__Problem requirements__
Print each line exactly, beginning with the one where "From Stdlib Require Import Reals Lra Lia." appears and ending at the last line below.

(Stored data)
^^^^^^^^
(* Let $J\subset(0,\infty)$ be an open interval and let $u:J\to\mathbb{R}$ be a smooth function with $u'(\alpha)\neq 0$ for all $\alpha\in J$. The rotational surface in $(\mathbb{R}^3,\|\cdot\|)$ given by $\bar f(\alpha,v)=(\alpha\cos v,\ \alpha\sin v,\ u(\alpha))$ is minimal if and only if there are constants $c_2>0$ and $c_3\in\mathbb{R}$ and a fixed choice of sign such that $J\subset(c_2,\infty)$ and $$u(\alpha)=\pm\int_{c_2}^{\alpha}\frac{c_2^{2m-1}}{\left(\rho^{2m}-c_2^{2m}\right)^{\frac{2m-1}{2m}}}\,d\rho+c_3\qquad(\alpha\in J).$$
   Context: Fix an integer $m\ge 2$. Let $\Phi(x_1,x_2,x_3)=(x_1^2+x_2^2)^m+x_3^{2m}$ and let $\|\cdot\|$ be the norm on $\mathbb{R}^3$ whose unit sphere is $S=\{x\in\mathbb{R}^3:\Phi(x)=1\}$ (a smooth, strictly convex surface). For a surface given by a parametrization $f(s,v)$, its Birkhoff–Gauss map $\eta$ is the map into $S$ defined by requiring $\eta\in S$ and $\nabla\Phi(\eta)=\mu\, f_s\times f_v$ for some function $\mu>0$, where $\times$ is the standard cross product (so the tangent plane of $S$ at $\eta(p)$ is parallel to $T_pM$, and $d\eta_p$ is an endomorphism of $T_pM$). The Minkowski mean curvature is $H=\tfrac12\operatorname{trace}(d\eta_p)$, and the surface is minimal if $H\equiv 0$ (this condition does not depend on the orientation). *)

From Stdlib Require Import Reals Lra.
From Coquelicot Require Import Coquelicot.
Open Scope R_scope.

Record V3 := mkV { c1 : R; c2 : R; c3 : R }.

Definition vadd (x y : V3) : V3 := mkV (c1 x + c1 y) (c2 x + c2 y) (c3 x + c3 y).
Definition vscale (a : R) (x : V3) : V3 := mkV (a * c1 x) (a * c2 x) (a * c3 x).
Definition cross (x y : V3) : V3 :=
  mkV (c2 x * c3 y - c3 x * c2 y)
      (c3 x * c1 y - c1 x * c3 y)
      (c1 x * c2 y - c2 x * c1 y).

(* Phi(x) = (x1^2 + x2^2)^m + x3^(2m); its unit level set is the unit sphere
   of the norm. *)
Definition Phi (m : nat) (x : V3) : R :=
  (c1 x ^ 2 + c2 x ^ 2) ^ m + c3 x ^ (2 * m).

Definition gradPhi (m : nat) (x : V3) : V3 :=
  mkV (Derive (fun t => Phi m (mkV t (c2 x) (c3 x))) (c1 x))
      (Derive (fun t => Phi m (mkV (c1 x) t (c3 x))) (c2 x))
      (Derive (fun t => Phi m (mkV (c1 x) (c2 x) t)) (c3 x)).

Definition partial_s (F : R -> R -> V3) (s v : R) : V3 :=
  mkV (Derive (fun t => c1 (F t v)) s)
      (Derive (fun t => c2 (F t v)) s)
      (Derive (fun t => c3 (F t v)) s).
Definition partial_v (F : R -> R -> V3) (s v : R) : V3 :=
  mkV (Derive (fun t => c1 (F s t)) v)
      (Derive (fun t => c2 (F s t)) v)
      (Derive (fun t => c3 (F s t)) v).

Definition has_partials (F : R -> R -> V3) (s v : R) : Prop :=
  ex_derive (fun t => c1 (F t v)) s /\ ex_derive (fun t => c2 (F t v)) s /\
  ex_derive (fun t => c3 (F t v)) s /\
  ex_derive (fun t => c1 (F s t)) v /\ ex_derive (fun t => c2 (F s t)) v /\
  ex_derive (fun t => c3 (F s t)) v.

Definition is_BG_map (m : nat) (f : R -> R -> V3) (D : R -> R -> Prop)
  (eta : R -> R -> V3) : Prop :=
  forall s v, D s v ->
    Phi m (eta s v) = 1 /\
    exists mu, 0 < mu /\
      gradPhi m (eta s v) = vscale mu (cross (partial_s f s v) (partial_v f s v)).

(* Minkowski mean curvature vanishes at (s,v): d eta_p is the endomorphism of
   T_pM = span(f_s, f_v) with eta_s = a f_s + b f_v, eta_v = c f_s + d f_v,
   and H = trace/2 = (a + d)/2 = 0. *)
Definition mean_curv_zero_at (f eta : R -> R -> V3) (s v : R) : Prop :=
  has_partials eta s v /\
  exists a b c d : R,
    partial_s eta s v = vadd (vscale a (partial_s f s v)) (vscale b (partial_v f s v)) /\
    partial_v eta s v = vadd (vscale c (partial_s f s v)) (vscale d (partial_v f s v)) /\
    (a + d) / 2 = 0.

Definition BG_minimal (m : nat) (f : R -> R -> V3) (D : R -> R -> Prop) : Prop :=
  forall eta, is_BG_map m f D eta ->
    forall s v, D s v -> mean_curv_zero_at f eta s v.

Definition rot_surface (u : R -> R) (alpha v : R) : V3 :=
  mkV (alpha * cos v) (alpha * sin v) (u alpha).

Definition integrand (m : nat) (c rho : R) : R :=
  c ^ (2 * m - 1) /
  Rpower (rho ^ (2 * m) - c ^ (2 * m)) ((INR (2 * m) - 1) / INR (2 * m)).

(* Along the surface of revolution the normal is (-u' cos v, -u' sin v, 1) up to a positive
   factor, so its Birkhoff-Gauss map is forced to be eta(alpha, v) = (T cos v, T sin v, Z), where
   (T, Z) is the point of the curve T^(2m) + Z^(2m) = 1, Z > 0, at which the gradient of that curve
   is parallel to (-u'(alpha), 1). Differentiating the curve equation gives Z' = u' T', so in the
   basis (f_alpha, f_v) the endomorphism d eta is diagonal with entries T' and T/alpha; hence H = 0
   is the equation (alpha T)' = 0, i.e. T = -sigma k / alpha. Solving the gradient condition for u'
   then yields u' = sigma k^(2m-1) / (alpha^(2m) - k^(2m))^((2m-1)/(2m)), and |T| < 1 forces
   k < alpha. The improper integral of this slope is evaluated through the substitution
   rho^(2m) = r^(2m) + k^(2m), which turns it into a proper integral of a bounded continuous
   function. *)

From Stdlib Require Import Reals Lra Lia.
From Coquelicot Require Import Coquelicot.
Open Scope R_scope.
^^^^^^^^
__Solution for this task__
From Stdlib Require Import Reals Lra Lia.
From Coquelicot Require Import Coquelicot.
Open Scope R_scope.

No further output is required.